- Tomasz Darmetko
- Laura Isotalo
- Tu Anh Dinh
The program was tested on Ubuntu 20.04 with Python 3.7.5. The dependencies are manged with pip.
You can carry out installation as well as start the server and clients by running sh ./start.sh. The logs are saved to start.log file.
Installation is carried out by sh ./install.sh.
In case it doesn't work on a native platform, you could try to run it inside docker container:
docker build -t websocket-project . && docker run --rm -it -p 8765:8765 websocket-project
In this project we are using websockets protocol in order to create a full-duplex communication channel between clients and server.
We are using websockets python library and async features of python.
The communication channel is abstracted in Connection.py file. It allows to keep track of the status of messages (success/failure) that clients are exchanging with the server.
The 3 main entry points are:
server.py- Starts the websockets server, manages clients registration and exchange of messages between clients.bank.py- Starts the bank client. Detailed implementation is inClient/Bank.py.person.py- Starts the person client. Detailed implementation is inClient/Person.py.
Both bank and person clients are extending the class Client.py that handles:
- configuration
- registration with the server
- encryption and decryption
- responding to authentication requests
- handling actions
- handling incoming messages
In order to facilitate safe bank transfers we needed to implement:
- authentication
- authorization
- ACID (atomicity, consistency, isolation, durability) transactions
Authentication is a process of establishing trusted identity of the client.
Authentication was implemented leveraging public/private key infrastructure. The main issue with the structure requested in the assigment is the fact that clients are deciding their own ids therefore the ids can not be trusted. We make sure that banks has assigned public keys to client ids and uses the public keys to verify authenticity of the claiming to own given id.
We do authentication by sending the client a secret encrypted with previously known public key assigned to that client. The bank is expecting to receive the secret back from the client so that the client proves that it owns the private key and is able to read the secret.
The client ids and public keys are connected in the configs/bank_permissions.json file.
After identity of the client is confirmed, we need to verify that the client is authorized to cary out operation on the specified bank accounts.

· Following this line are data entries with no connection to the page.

(* Comparison principle: a log-concave h <= u gives the log-concave
   candidate h 1_[-a,a] / c <= v, and h loses at most the tail mass of u. *)
Lemma lc_value_compare u v a c : prob_density u -> (forall x, 0 <= v x) ->
  0 < c -> {ae leb, forall x, `|x| <= a -> u x <= c * v x} ->
  (lc_value u
   <= c%:E * lc_value v + \int[leb]_(x in ~` window a) (u x)%:E)%E.
Proof.
move=> [mu [u0 iu]] v0 c0 huv; apply/ereal_supP => _ [h [hl hae] <-].
have h0 := hl.1; have mh := log_concave_measurable hl.
pose h' := fun x => if `|x| <= a then h x / c else 0.
have hl' : log_concave h' := log_concave_trunc_scale a hl c0.
have mh' := log_concave_measurable hl'.
have h'v : (\int[leb]_(x in setT) (h' x)%:E <= lc_value v)%E.
  apply: ereal_sup_ubound; exists h' => //; split => //.
  apply: filterS2 hae huv => x hu huv'; rewrite /h'; case: ifPn => ax //.
  by rewrite ler_pdivrMr // mulrC (le_trans hu (huv' ax)).
have mK := measurable_window a.
rewrite (ge0_integral_splitC leb (g := fun x => (h x)%:E) mK); last 2 first.
- by apply/measurable_EFinP.
- by move=> x; rewrite lee_fin.
apply: leeD.
  have -> : (\int[leb]_(x in window a) (h x)%:E
             = \int[leb]_(x in window a) (c%:E * (h' x)%:E))%E.
    apply: eq_integral => x; rewrite inE => /windowE ax.
    by rewrite /h' ax -EFinM mulrC divfK ?gt_eqF.
  rewrite ge0_integralZl_EFin //; last 3 first.
  - by move=> x _; rewrite lee_fin hl'.1.
  - by apply/measurable_EFinP; exact: measurable_funS mh'.
  - exact: ltW.
  apply: lee_wpmul2l; first by rewrite lee_fin ltW.
  apply: le_trans h'v; apply: ge0_subset_integral => //.
  - by apply/measurable_EFinP.
  - by move=> x _; rewrite lee_fin hl'.1.
apply: ae_ge0_le_integral => //.
- exact: measurableC.
- by move=> x _; rewrite lee_fin.
- by apply/measurable_EFinP; exact: measurable_funS mh.
- by move=> x _; rewrite lee_fin.
- by apply/measurable_EFinP; exact: measurable_funS mu.
- by apply: filterS hae => x hx _; rewrite lee_fin.
Qed.
(* Let $\mathcal A\subseteq\mathcal B(H)$ be a von Neumann algebra, $\xi\in H$, and let $\epsilon_A\in\mathcal A$ be the support projection of $\omega_\xi|_{\mathcal A}$. Suppose that for every self-adjoint $a\in\mathcal A$ and every $\epsilon>0$ there exists $\hat a\in\mathcal A'$ with $\|a\xi-\hat a\xi\|<\epsilon$. Then $\epsilon_A a=a\epsilon_A$ for every $a\in\mathcal A$, i.e. $\epsilon_A$ is central in $\mathcal A$.
   Context: $\omega_\xi(x)=\langle x\xi,\xi\rangle$. The support of a normal positive functional $\omega$ on a von Neumann algebra $\mathcal M$ is the smallest projection $p\in\mathcal M$ with $\omega(x)=\omega(pxp)$ for all $x\in\mathcal M$. *)

From HB Require Import structures.
From mathcomp Require Import all_boot all_order all_algebra.
From mathcomp Require Import reals.
From mathcomp Require Import complex.
Set Implicit Arguments. Unset Strict Implicit. Unset Printing Implicit Defensive.
Import Order.TTheory GRing.Theory Num.Theory.
Local Open Scope ring_scope.

Section Hilbert.
Variable R : realType.
Local Notation C := R[i].
Variable V : lmodType C.
Variable ip : V -> V -> C.   (* inner product, linear in the 1st argument *)

Definition hnorm (x : V) : R := Num.sqrt (complex.Re (ip x x)).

There are 2 way in which an account can be authorized to carry out operations on a bank account:
- by owning a private bank account
- by being employed and assigned appropriate permission by an organization owning a bank account
We again use configs/bank_permissions.json file to specify private bank account as well as organization bank accounts and their employees with specific permissions.

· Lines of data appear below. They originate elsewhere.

Lemma conv_idS_alpha (g : BA -> BA) :
  lin g -> (forall b a, g (tBA b a) = tBA b (hS a)) ->
  conv (fun x => g (alpha x)) alpha =1 (fun a => id_counit (alpha a)).
Proof.
move=> gL gE.
have SmulL : bilin (fun u v : hA H2 => hS u * v).
  by split=> [u|v]; [exact: lin_mull (@lin_id _ _) | exact: lin_mulr (@hS_lin _ H2)].
have triS : trilin (fun b x y => tBA b (hS x * y)).
  split=> [b x|b y|x y]; last exact: tBA_lin1.
  - exact: lin_comp (tBA_lin2 b) (lin_mull _ (@lin_id _ _)).
  - exact: lin_comp (tBA_lin2 b) (lin_mulr _ (@hS_lin _ H2)).
have [Phi [PhiL PhiE _]] := tBAA_tensor3.2 BA _ triS.
apply: (conv_alpha_contract PhiL gL id_counit_lin) => [b c x y|b x].
  by rewrite PhiE gE tBA_mul.
rewrite (leg23_contract PhiL SmulL) //.
by rewrite (hantipodel (tensor_lift_lin htens_tensor SmulL) (tensor_liftE htens_tensor SmulL))
  id_counitE (linZ (tBA_lin2 b)).
Qed.

Lemma conv_id_counit_alpha : conv (fun x => id_counit (alpha x)) alpha =1 alpha.
Proof.
have epsL : bilin (fun u v : hA H2 => heps u *: v).
  split=> [u|v]; last exact/lin_scalev/heps_lin.
  exact: lin_scale (@lin_id _ _).
have trie : trilin (fun b (x : hA H2) y => heps x *: tBA b y).
  split=> [b x|b y|x y].
  - exact: lin_scale (tBA_lin2 b).
  - exact/lin_scalev/heps_lin.
  - exact: lin_scale (tBA_lin1 y).
have [Phi [PhiL PhiE _]] := tBAA_tensor3.2 BA _ trie.
apply: (conv_alpha_contract PhiL id_counit_lin (@lin_id _ _)) => [b c x y|b x].
  by rewrite PhiE id_counitE -scalerAl tBA_mul mul1r.
rewrite (leg23_contract PhiL epsL) => [|u v]; last by rewrite PhiE (linZ (tBA_lin2 b)).
by rewrite (hcounitl (tensor_lift_lin htens_tensor epsL) (tensor_liftE htens_tensor epsL)).
Qed.

Lemma conv_alpha_alphaS : conv alpha (fun x => alpha (hS x)) =1 conv1 BA.
Proof.
have mulS : bilin (fun x y : hA H1 => x * hS y).
  by split=> [u|v]; [exact: lin_mull (@hS_lin _ H1) | exact: lin_mulr (@lin_id _ _)].
have mulSL := tensor_lift_lin htens_tensor mulS.
have alphaSL := lin_comp alpha_lin (@hS_lin _ H1).
move=> a; rewrite (convE alpha_lin alphaSL (lin_comp alpha_lin mulSL)).
  by rewrite /= (hantipoder mulSL (tensor_liftE htens_tensor mulS)) (linZ alpha_lin) alpha1.
by move=> x y; rewrite /= (tensor_liftE htens_tensor mulS) alphaM.
Qed.

Lemma id_counit_alpha : (fun a => id_counit (alpha a)) =1 conv1 BA.
Proof.
apply: (conv_rcancel alpha_lin (lin_comp alpha_lin (@hS_lin _ H1))
          (lin_comp id_counit_lin alpha_lin) (@conv1_lin _ H1 BA) conv_alpha_alphaS) => a.
by rewrite conv_id_counit_alpha conv1l.
Qed.

End QuantumFamily.

Theorem theorem3p7 (k : fieldType) (H1 H2 : hopf_algebra k)
  (B BA BAA : algType k) (tBA : B -> hA H2 -> BA)
  (tBAA : B -> hA H2 -> hA H2 -> BAA) (alpha : hA H1 -> BA) :
  is_tensor_alg tBA -> is_tensor3_alg tBAA ->
  quantum_family tBA tBAA alpha ->
  forall g : BA -> BA, lin g -> (forall b a, g (tBA b a) = tBA b (hS a)) ->
  forall a : hA H1, alpha (hS a) = g (alpha a).
Proof.
move=> HBA HBAA Hqf g gL gE a.
have alphaL : lin alpha by case: Hqf => -[].
have alphaSL := lin_comp alphaL (@hS_lin _ H1).
symmetry; apply: (conv_inv_uniq alphaL (lin_comp gL alphaL) alphaSL).
- by move=> x; rewrite (conv_idS_alpha HBA HBAA Hqf gL gE) (id_counit_alpha HBA HBAA Hqf).
- exact: conv_alpha_alphaS Hqf.
Qed.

Private account and organization bank account are fully separate, so there if no conflict between them.
The permission system allows bank to implement roles by combining different permissions for clients who are employees of some organization.
One of the problems with carrying out bank transfers is ensuring consistency. This is especially important during bank transfers. We must not allow our system to create or destroy money. One scenario in which money could be created is when we carry two transfers concurrently and balance of one bank account gets overwritten by one process before the other manages to complete the transaction.
We avoid issues related to database consistency by leveraging relational databases and SQL language. You can inspect our implementation in Client/Accounts.py.
Our implementation uses SQLite as it does not require managing database daemon, but it could be easily extended to use MySQL or PostgreSQL in order to allow for greater scalability.
Client switch off after a certain amount of time is implemented in:
# Client/Client.py:46
async def start(self):
await asyncio.wait_for(self.__start(), self.duration)Retries are implemented in:
# Connection.py:52
async def request(self, payload: Any, max_tries: int = 1, backoff: float = 1.) -> Any:
for _ in range(max_tries):
try:
return await self.__request(payload)
except:
logger.exception(f"Request failed on {_} attempt.")
await asyncio.sleep(backoff)
raise FailedRequest(f"Request failed after {max_tries} attempts!")# Client/Client.py:80
def encrypt(self, message, recipient_public_key):
# ...
def decrypt(self, base64_ciphertext):
# ...